- Assignment -
From the entries below, work out how many lines contain the string "topspace"; answer with the number alone.

- Provided material -
Lemma jointly_continuous_filprod {A1 A2 : Type} (c1 : conv_rel A1) (c2 : conv_rel A2)
    {S T : topspace} (g : A1 * A2 -> fspace (top_conv S) (top_conv T)) :
  continuous (prod_conv c1 c2) (fspace_conv (top_conv S) (top_conv T)) g ->
  forall V1 a1 V2 a2, is_ultrafilter V1 -> c1 V1 a1 -> is_ultrafilter V2 -> c2 V2 a2 ->
  jointly_continuous_at (filprod V1 V2) (a1, a2) (fun p s => proj1_sig (g p) s).
Proof.
intros hg V1 a1 V2 a2 hV1 ha1 hV2 ha2.
apply jointly_continuous_at_ultra; [apply filprod_filter; apply ultrafilter_filter; auto|].
intros U hU hsub.
destruct (ultrafilter_filprod_proj V1 V2 U hV1 hV2 hU hsub) as [h1 h2].
apply fspace_convE; [apply ultrafilter_filter, hU|].
apply hg; [exact hU | split; simpl; [rewrite h1 | rewrite h2]; assumption].
Qed.

Lemma fspace_conv_push_prod {B1 B2 C : Type} {S T : topspace} (W : setsys (B1 * B2))
    (b1 : B1) (b2 : B2) (h : B1 * B2 -> C) (g : C -> fspace (top_conv S) (top_conv T)) :
  is_filter W ->
  jointly_continuous_at (filprod (push snd W) (push fst W)) (b2, b1)
    (fun p s => proj1_sig (g (h (snd p, fst p))) s) ->
  fspace_conv (top_conv S) (top_conv T) (push g (push h W)) (g (h (b1, b2))).
Proof.
intros hW hj; apply jointly_continuous_at_swap in hj.
apply (jointly_continuous_at_sub _ W) in hj; [|intros P; apply filprod_push_proj, hW].
apply fspace_convE; [apply push_filter, hW|].
apply jointly_continuous_at_pushE; [exact hW|].
revert hj; apply jointly_continuous_at_ext; intros [c1 c2] s; reflexivity.
Qed.

Lemma pi0_mul_continuous_epi (X : pstop) (m : X * X -> X) :
  continuous (prod_conv (pconv X) (pconv X)) (pconv X) m ->
  continuous (prod_conv (pi0epi_conv X) (pi0epi_conv X)) (pi0epi_conv X) (pi0_mul X m).
Proof.
intros hm W [C D] hW [hC hD] c _ [J [Y [Z [f hf]]]] hq; simpl in hC, hD.
apply hf; [apply push_ultrafilter, hW|]; intros j.
set (E := fun (b : pi0 X) (y : Y j) => proj1_sig (f j b) y).
assert (hfj : continuous c (fspace_conv (top_conv (Y j)) (top_conv (Z j))) (f j))
  by (intros U b hU hb; exact (proj1 (hf U b hU) hb j)).
assert (hE0 : forall V1 x1 V2 x2, is_ultrafilter V1 -> pconv X V1 x1 ->
    is_ultrafilter V2 -> pconv X V2 x2 ->
    jointly_continuous_at (filprod V1 V2) (x1, x2)
      (fun p => E (pi0_mul X m (pcls X (fst p), pcls X (snd p))))).
{ intros V1 x1 V2 x2 hV1 hx1 hV2 hx2.
  apply (jointly_continuous_at_ext _ _ (fun p => E (pcls X (m p))));
    [intros [x y] s; rewrite pi0_mul_pcls; auto|].
  apply (jointly_continuous_filprod (pconv X) (pconv X) (fun p => f j (pcls X (m p))));
    auto.
  apply (continuous_comp _ (pconv X) _ m (fun x => f j (pcls X x))); [exact hm|].
  apply (continuous_comp _ c _ (pcls X) (f j)); assumption. }
assert (hE1 : forall V x U b, is_ultrafilter V -> pconv X V x ->
    is_ultrafilter U -> pi0epi_conv X U b ->
    jointly_continuous_at (filprod V U) (x, b)
      (fun p => E (pi0_mul X m (pcls X (fst p), snd p)))).
{ intros V x U b hV hx hU hb.
  apply (jointly_continuous_epi_final X (pi0 X) (pconv X) (pcls X) (pconv_principal X)
    (pcls_surj X) X (pconv X)); auto; apply pconv_principal. }
apply fspace_conv_push_prod; [apply ultrafilter_filter, hW|].
apply (jointly_continuous_epi_final X (pi0 X) (pconv X) (pcls X) (pconv_principal X)
  (pcls_surj X) (pi0 X) (pi0epi_conv X));
  try apply push_ultrafilter; auto.
- intros b c' hc' _ _; apply hc'.
- intros V1 b1 V2 x2 hV1 hb1 hV2 hx2.
  exact (jointly_continuous_at_swap V2 V1 x2 b1
    (fun p => E (pi0_mul X m (pcls X (fst p), snd p))) (hE1 V2 x2 V1 b1 hV2 hx2 hV1 hb1)).
Qed.

Theorem proposition4p7 :
  (forall (X : pstop) (m : X * X -> X),
     continuous (prod_conv (pconv X) (pconv X)) (pconv X) m ->
     exists mu : pi0 X * pi0 X -> pi0 X,
       (forall x y : X, mu (pcls X x, pcls X y) = pcls X (m (x, y))) /\
       continuous (prod_conv (pi0ps_conv X) (pi0ps_conv X)) (pi0ps_conv X) mu)
  /\
  (forall (X : pstop) (m : X * X -> X),
     is_epi (pconv X) ->
     continuous (prod_conv (pconv X) (pconv X)) (pconv X) m ->
     exists mu : pi0 X * pi0 X -> pi0 X,
       (forall x y : X, mu (pcls X x, pcls X y) = pcls X (m (x, y))) /\
       continuous (prod_conv (pi0epi_conv X) (pi0epi_conv X)) (pi0epi_conv X) mu).
Proof.
split.
- intros X m hm; exists (pi0_mul X m).
  split; [apply pi0_mul_pcls, hm | apply pi0_mul_continuous_ps, hm].
- intros X m _ hm; exists (pi0_mul X m).
  split; [apply pi0_mul_pcls, hm | apply pi0_mul_continuous_epi, hm].
Qed.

- Task response -
2